Collected data entries:
::::::::

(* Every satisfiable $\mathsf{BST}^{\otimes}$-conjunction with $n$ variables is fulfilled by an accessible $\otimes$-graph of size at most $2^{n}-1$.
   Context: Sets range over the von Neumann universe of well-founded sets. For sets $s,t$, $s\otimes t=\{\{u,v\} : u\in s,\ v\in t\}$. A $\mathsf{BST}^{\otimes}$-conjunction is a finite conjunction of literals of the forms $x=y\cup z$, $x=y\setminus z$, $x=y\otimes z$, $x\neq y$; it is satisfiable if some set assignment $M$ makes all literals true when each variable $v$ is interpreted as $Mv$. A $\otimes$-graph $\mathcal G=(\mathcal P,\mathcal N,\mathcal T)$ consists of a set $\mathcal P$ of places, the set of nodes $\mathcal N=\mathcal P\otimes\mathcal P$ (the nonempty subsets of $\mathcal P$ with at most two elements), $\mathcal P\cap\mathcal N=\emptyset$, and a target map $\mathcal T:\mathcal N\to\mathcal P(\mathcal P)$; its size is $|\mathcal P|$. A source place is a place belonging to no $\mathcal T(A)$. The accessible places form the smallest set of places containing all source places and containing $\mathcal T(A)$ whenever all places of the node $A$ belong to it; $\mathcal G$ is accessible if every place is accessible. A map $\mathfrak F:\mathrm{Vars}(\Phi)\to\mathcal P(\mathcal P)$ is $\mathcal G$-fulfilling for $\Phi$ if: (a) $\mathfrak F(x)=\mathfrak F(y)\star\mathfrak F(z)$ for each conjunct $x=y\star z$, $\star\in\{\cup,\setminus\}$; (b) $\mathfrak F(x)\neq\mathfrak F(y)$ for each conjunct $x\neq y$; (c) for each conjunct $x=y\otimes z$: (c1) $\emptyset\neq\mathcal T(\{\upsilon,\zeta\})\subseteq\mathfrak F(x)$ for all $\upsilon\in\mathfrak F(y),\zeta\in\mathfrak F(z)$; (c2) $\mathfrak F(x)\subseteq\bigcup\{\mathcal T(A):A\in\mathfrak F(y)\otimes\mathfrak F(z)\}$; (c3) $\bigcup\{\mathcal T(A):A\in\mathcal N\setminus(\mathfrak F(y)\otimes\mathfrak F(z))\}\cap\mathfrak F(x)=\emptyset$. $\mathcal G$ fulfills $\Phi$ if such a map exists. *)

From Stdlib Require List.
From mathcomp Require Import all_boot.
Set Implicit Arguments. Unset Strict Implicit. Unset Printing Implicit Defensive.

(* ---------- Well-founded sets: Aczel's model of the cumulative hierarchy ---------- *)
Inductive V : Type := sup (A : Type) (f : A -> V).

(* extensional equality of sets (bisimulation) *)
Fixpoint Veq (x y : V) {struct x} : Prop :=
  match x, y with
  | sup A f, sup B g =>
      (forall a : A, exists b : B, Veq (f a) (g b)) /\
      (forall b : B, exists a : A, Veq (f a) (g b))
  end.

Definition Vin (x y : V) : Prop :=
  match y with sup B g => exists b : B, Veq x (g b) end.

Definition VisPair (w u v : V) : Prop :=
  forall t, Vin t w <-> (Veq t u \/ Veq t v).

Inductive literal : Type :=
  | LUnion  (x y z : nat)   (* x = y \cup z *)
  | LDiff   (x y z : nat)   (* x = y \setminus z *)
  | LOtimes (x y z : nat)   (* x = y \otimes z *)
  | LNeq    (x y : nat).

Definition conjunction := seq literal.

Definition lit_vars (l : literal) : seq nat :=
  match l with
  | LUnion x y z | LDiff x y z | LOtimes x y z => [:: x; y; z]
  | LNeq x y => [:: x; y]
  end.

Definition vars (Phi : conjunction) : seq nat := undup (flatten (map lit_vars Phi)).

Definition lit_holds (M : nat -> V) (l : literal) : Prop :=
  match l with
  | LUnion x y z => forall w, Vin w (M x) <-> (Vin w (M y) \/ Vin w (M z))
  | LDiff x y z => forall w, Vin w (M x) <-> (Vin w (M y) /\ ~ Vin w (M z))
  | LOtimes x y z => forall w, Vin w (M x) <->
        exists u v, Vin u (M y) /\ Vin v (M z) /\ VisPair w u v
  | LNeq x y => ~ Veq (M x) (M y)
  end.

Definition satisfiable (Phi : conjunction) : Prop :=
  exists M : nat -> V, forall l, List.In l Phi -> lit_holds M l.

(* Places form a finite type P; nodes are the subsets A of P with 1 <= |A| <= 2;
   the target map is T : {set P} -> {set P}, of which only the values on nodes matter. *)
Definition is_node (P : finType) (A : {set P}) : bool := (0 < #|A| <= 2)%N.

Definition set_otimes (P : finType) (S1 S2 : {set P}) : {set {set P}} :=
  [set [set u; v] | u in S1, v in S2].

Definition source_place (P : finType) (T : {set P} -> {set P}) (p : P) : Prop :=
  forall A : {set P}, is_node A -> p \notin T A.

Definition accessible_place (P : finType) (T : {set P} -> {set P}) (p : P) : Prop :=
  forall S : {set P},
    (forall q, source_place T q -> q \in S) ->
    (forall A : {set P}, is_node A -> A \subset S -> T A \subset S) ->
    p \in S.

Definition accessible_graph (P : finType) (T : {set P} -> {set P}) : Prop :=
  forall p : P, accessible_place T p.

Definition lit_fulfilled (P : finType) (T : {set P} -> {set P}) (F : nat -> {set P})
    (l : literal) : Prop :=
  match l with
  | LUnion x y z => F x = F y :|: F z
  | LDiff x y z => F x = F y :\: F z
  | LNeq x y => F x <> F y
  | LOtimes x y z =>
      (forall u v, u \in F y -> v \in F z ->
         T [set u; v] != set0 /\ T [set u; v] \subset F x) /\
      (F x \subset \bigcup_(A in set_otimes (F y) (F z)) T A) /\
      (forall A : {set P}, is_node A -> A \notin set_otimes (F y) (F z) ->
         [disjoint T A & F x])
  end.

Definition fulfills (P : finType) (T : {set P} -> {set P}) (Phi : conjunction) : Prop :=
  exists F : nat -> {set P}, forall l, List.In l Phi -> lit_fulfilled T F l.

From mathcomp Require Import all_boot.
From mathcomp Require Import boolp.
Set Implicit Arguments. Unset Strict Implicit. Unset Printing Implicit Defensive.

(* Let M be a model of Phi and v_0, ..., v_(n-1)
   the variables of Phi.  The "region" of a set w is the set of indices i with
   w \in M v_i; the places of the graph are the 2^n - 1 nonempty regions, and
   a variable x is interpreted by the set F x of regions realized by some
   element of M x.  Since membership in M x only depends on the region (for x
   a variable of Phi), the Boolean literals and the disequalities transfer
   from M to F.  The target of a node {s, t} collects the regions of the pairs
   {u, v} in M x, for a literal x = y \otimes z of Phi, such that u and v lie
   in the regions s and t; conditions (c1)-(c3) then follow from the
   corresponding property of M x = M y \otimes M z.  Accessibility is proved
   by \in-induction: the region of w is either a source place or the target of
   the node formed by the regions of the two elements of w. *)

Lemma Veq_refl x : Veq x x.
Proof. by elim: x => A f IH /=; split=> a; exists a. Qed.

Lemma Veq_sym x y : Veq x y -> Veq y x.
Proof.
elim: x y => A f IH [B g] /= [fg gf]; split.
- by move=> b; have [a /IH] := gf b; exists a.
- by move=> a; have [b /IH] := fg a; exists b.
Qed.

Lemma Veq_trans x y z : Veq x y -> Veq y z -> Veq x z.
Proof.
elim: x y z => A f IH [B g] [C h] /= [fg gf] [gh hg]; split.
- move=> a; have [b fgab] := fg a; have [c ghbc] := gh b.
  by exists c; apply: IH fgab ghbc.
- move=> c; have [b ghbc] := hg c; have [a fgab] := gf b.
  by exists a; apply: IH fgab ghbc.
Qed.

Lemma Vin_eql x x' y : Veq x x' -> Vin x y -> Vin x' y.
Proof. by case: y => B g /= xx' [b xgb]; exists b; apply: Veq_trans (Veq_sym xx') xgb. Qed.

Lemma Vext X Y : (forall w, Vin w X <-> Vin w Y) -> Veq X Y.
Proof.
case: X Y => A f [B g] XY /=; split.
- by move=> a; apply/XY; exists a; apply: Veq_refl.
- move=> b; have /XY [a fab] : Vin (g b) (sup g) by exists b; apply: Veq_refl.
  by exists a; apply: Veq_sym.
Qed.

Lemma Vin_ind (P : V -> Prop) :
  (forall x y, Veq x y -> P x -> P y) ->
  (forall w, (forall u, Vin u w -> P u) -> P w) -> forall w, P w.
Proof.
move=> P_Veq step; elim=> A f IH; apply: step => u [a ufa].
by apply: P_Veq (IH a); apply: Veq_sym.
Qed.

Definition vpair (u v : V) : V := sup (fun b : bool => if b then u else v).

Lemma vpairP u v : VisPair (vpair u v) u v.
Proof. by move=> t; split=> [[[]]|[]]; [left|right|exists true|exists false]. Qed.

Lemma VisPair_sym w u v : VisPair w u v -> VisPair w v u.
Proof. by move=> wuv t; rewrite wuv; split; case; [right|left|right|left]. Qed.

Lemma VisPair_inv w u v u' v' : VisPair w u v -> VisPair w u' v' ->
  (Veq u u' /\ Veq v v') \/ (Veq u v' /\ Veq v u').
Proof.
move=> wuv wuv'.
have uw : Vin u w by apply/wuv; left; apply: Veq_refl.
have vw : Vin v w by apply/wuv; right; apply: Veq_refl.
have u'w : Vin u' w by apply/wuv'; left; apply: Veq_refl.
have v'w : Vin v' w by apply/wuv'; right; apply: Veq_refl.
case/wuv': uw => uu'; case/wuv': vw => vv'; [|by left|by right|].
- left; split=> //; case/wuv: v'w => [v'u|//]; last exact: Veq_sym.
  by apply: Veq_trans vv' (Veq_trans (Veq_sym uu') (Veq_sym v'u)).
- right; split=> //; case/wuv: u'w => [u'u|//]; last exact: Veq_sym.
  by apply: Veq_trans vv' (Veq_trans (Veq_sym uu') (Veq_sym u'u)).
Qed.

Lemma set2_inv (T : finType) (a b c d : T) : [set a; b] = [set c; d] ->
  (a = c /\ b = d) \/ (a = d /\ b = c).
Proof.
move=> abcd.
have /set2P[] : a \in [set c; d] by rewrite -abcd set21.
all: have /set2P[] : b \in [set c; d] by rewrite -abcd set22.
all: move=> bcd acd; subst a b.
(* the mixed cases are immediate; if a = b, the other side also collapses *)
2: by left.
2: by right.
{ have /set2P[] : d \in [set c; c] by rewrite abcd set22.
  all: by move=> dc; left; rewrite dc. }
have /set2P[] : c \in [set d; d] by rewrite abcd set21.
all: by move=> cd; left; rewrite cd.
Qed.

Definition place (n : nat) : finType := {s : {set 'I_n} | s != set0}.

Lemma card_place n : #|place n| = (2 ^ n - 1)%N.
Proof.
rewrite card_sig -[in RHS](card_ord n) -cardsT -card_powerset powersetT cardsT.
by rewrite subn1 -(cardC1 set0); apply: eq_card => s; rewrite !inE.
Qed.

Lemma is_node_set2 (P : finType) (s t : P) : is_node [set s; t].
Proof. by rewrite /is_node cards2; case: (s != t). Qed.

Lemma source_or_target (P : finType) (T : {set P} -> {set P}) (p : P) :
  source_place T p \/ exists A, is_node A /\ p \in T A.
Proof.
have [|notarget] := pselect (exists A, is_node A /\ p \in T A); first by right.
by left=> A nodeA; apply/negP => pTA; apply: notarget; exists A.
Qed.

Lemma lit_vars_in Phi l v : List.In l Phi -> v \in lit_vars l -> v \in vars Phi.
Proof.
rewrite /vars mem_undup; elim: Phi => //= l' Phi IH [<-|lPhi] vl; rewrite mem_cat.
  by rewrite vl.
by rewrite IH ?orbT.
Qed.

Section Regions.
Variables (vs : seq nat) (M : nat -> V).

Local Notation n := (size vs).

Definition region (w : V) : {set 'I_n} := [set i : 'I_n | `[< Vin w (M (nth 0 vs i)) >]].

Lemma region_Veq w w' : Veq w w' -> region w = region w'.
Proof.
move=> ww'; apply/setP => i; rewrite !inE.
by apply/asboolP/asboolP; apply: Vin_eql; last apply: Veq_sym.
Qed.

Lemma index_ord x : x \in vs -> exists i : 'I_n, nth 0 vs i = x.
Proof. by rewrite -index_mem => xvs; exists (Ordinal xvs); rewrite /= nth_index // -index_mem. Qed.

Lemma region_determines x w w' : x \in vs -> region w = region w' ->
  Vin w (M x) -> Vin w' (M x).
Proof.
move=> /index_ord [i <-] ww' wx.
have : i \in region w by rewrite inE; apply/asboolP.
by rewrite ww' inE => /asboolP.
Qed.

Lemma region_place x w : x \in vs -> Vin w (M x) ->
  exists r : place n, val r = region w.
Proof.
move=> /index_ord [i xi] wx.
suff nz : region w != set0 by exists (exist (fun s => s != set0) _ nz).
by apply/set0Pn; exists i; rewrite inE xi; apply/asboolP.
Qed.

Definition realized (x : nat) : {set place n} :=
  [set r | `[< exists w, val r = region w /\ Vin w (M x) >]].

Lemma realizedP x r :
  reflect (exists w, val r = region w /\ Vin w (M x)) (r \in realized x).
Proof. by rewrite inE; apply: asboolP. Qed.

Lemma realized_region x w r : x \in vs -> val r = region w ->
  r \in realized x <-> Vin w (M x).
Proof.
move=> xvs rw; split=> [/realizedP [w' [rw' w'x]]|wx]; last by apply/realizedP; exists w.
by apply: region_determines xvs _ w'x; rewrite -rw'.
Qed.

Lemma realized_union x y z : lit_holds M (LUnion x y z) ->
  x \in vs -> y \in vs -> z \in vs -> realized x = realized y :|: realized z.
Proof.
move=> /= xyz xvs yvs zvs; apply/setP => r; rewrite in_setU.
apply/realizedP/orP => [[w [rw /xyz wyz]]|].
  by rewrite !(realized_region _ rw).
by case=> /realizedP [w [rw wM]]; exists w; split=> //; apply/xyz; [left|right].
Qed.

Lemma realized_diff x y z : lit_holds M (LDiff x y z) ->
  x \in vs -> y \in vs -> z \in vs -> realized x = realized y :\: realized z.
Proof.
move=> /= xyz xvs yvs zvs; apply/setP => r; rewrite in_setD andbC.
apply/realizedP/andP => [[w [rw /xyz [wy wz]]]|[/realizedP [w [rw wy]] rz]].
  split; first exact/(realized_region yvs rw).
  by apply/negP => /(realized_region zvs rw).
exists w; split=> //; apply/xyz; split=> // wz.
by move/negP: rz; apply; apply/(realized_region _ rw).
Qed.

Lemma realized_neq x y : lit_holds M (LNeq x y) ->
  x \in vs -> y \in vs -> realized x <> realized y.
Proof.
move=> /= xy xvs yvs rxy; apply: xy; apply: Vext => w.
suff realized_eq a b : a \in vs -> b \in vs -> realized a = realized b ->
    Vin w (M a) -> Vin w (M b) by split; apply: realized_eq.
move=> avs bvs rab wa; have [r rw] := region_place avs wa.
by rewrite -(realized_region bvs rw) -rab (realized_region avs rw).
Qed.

::::::::

WHAT YOU NEED TO DO: Pull every line containing the word "Vext" out of the entries above.

SOLUTION FOR THIS EXERCISE:
Lemma Vext X Y : (forall w, Vin w X <-> Vin w Y) -> Veq X Y.
move=> /= xy xvs yvs rxy; apply: xy; apply: Vext => w.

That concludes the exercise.